What you will do. Transcribe, word for word and without additions, each line below from the one containing "have cy_ge0 : 0" through the one containing "row N) potential", both ends included.

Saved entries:
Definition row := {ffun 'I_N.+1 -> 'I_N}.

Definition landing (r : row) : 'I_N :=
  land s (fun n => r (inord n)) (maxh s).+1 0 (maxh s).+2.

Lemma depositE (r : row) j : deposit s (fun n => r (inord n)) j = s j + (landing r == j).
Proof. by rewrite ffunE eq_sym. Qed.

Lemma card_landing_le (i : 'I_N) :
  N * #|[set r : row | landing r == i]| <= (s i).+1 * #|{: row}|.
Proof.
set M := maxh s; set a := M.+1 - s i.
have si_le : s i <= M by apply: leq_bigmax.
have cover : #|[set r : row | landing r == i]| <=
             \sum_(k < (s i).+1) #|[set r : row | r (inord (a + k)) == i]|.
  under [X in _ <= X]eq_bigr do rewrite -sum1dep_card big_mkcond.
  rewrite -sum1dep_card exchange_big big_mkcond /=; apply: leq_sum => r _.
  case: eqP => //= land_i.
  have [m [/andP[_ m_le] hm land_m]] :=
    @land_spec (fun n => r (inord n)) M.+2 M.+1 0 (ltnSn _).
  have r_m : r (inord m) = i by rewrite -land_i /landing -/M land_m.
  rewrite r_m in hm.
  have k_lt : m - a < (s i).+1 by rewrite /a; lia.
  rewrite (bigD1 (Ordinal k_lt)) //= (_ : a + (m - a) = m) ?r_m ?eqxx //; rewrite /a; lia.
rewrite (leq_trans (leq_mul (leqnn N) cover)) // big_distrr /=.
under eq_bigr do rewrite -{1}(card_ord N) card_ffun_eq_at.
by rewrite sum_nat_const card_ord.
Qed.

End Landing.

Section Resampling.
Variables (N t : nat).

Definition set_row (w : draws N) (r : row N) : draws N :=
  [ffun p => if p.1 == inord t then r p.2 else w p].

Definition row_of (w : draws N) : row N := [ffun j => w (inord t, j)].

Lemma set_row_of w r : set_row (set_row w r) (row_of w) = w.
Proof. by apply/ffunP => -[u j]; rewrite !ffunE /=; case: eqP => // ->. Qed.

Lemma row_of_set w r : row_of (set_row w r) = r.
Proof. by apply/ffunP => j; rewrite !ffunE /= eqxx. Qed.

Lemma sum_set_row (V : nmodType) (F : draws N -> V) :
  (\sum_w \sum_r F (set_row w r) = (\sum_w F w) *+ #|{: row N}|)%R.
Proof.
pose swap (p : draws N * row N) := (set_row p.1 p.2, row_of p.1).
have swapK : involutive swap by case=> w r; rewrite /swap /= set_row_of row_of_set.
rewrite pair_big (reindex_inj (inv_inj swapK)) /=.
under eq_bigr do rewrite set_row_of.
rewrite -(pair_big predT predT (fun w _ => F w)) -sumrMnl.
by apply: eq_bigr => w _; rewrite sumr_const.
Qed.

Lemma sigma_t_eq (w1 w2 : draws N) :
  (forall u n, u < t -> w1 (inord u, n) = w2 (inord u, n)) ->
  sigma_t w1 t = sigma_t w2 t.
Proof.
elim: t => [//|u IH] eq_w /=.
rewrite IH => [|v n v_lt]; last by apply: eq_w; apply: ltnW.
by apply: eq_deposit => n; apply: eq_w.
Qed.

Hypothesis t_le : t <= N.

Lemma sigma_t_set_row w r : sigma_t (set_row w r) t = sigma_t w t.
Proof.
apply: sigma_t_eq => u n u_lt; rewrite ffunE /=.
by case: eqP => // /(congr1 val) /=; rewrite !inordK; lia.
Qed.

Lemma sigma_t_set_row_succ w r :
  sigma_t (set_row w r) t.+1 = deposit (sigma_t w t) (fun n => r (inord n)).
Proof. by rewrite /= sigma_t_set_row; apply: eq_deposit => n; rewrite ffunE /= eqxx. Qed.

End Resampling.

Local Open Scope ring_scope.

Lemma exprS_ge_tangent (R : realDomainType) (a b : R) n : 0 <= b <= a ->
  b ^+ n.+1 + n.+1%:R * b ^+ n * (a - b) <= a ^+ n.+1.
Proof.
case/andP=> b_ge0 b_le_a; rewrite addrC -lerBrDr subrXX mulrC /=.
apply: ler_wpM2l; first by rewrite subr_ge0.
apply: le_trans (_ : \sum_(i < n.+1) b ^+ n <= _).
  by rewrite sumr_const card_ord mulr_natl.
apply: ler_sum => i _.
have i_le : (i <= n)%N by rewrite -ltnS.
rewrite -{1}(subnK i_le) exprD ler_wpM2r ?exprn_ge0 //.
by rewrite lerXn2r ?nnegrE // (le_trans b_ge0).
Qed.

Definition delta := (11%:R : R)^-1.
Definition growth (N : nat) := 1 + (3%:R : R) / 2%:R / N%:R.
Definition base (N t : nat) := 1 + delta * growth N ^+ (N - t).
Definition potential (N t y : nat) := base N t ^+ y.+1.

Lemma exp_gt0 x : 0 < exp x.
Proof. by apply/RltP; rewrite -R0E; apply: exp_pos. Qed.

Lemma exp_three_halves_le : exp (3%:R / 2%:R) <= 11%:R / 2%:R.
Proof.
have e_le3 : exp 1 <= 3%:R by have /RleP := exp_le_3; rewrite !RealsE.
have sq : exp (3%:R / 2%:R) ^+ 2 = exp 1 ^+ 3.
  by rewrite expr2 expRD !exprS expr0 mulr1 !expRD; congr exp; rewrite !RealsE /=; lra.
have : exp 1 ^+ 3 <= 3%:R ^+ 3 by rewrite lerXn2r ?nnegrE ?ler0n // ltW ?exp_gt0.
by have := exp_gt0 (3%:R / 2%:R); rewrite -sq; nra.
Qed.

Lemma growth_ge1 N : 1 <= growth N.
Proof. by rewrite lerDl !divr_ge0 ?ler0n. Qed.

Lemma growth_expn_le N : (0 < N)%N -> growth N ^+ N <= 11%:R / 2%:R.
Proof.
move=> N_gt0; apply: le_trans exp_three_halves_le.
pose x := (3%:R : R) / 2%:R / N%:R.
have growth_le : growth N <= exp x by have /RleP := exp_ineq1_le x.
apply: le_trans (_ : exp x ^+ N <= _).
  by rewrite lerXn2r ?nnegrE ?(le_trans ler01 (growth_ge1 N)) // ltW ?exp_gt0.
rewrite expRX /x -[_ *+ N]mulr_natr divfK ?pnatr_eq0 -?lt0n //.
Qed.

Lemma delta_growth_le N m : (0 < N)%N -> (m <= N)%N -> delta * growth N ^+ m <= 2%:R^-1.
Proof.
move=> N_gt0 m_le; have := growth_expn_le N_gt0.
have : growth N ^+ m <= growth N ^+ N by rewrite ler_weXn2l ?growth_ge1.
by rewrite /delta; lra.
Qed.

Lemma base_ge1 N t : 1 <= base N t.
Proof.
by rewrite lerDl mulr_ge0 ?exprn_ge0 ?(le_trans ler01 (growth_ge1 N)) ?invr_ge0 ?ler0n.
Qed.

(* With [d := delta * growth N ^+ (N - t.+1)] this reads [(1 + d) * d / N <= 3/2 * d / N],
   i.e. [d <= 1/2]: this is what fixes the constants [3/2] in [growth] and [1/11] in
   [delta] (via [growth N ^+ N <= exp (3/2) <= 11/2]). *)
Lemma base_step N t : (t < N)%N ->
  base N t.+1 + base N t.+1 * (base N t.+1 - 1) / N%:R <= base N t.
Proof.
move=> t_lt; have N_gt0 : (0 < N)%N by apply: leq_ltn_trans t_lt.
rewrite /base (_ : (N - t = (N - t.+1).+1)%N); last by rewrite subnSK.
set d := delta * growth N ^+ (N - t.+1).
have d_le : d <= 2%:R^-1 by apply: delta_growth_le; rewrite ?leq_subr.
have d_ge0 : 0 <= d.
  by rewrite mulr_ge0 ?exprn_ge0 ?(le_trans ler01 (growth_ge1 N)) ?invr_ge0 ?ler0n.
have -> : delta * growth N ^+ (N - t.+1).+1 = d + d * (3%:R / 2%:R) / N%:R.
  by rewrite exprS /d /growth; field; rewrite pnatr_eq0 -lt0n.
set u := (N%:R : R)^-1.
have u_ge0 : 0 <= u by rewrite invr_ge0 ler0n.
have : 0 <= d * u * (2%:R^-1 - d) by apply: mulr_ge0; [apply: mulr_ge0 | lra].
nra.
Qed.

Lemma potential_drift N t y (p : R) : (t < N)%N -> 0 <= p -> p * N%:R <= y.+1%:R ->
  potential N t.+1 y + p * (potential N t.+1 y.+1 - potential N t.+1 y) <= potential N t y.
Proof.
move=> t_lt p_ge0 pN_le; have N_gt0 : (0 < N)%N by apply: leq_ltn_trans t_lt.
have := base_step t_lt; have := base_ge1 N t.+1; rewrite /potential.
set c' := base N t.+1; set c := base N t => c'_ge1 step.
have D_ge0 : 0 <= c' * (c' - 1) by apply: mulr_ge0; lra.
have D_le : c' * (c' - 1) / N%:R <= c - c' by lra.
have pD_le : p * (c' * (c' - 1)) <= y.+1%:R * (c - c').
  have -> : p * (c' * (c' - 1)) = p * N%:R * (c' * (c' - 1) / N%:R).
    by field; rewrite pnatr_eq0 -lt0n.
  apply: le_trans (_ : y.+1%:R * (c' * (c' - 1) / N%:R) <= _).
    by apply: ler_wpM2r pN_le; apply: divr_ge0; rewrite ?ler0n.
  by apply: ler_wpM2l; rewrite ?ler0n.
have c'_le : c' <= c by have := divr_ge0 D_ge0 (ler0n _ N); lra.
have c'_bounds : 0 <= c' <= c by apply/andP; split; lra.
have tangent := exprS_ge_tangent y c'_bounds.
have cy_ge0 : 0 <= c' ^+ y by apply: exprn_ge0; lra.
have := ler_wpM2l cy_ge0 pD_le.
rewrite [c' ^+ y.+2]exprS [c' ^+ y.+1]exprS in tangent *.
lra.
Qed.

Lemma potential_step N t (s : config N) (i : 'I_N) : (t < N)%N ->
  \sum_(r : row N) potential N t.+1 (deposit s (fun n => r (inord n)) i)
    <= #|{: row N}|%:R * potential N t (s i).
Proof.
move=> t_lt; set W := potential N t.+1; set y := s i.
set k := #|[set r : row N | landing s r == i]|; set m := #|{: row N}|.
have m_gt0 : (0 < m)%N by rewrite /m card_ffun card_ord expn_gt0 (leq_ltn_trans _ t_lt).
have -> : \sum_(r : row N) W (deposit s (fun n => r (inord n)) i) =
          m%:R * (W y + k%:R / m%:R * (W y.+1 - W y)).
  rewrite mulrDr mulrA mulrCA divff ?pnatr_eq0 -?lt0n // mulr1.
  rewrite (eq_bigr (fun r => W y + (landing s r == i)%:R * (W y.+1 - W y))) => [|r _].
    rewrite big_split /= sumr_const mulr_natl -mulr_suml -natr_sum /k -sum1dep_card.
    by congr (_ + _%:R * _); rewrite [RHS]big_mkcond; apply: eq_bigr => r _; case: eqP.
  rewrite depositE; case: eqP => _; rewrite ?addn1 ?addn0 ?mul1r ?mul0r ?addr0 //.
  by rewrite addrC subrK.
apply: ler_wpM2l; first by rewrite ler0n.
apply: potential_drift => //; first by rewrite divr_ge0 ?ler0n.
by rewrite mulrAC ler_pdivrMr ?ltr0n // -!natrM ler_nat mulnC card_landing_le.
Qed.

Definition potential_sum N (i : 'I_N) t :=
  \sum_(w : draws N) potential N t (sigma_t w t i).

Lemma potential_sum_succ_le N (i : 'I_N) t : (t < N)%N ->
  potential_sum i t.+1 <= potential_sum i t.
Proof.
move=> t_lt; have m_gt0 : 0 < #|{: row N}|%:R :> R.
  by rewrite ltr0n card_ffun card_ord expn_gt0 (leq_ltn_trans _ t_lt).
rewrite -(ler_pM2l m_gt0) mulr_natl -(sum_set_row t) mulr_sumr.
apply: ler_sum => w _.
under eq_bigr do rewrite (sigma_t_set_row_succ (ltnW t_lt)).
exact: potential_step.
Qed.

Response to the exercise.
have cy_ge0 : 0 <= c' ^+ y by apply: exprn_ge0; lra.
have := ler_wpM2l cy_ge0 pD_le.
rewrite [c' ^+ y.+2]exprS [c' ^+ y.+1]exprS in tangent *.
lra.
Qed.

Lemma potential_step N t (s : config N) (i : 'I_N) : (t < N)%N ->
  \sum_(r : row N) potential N t.+1 (deposit s (fun n => r (inord n)) i)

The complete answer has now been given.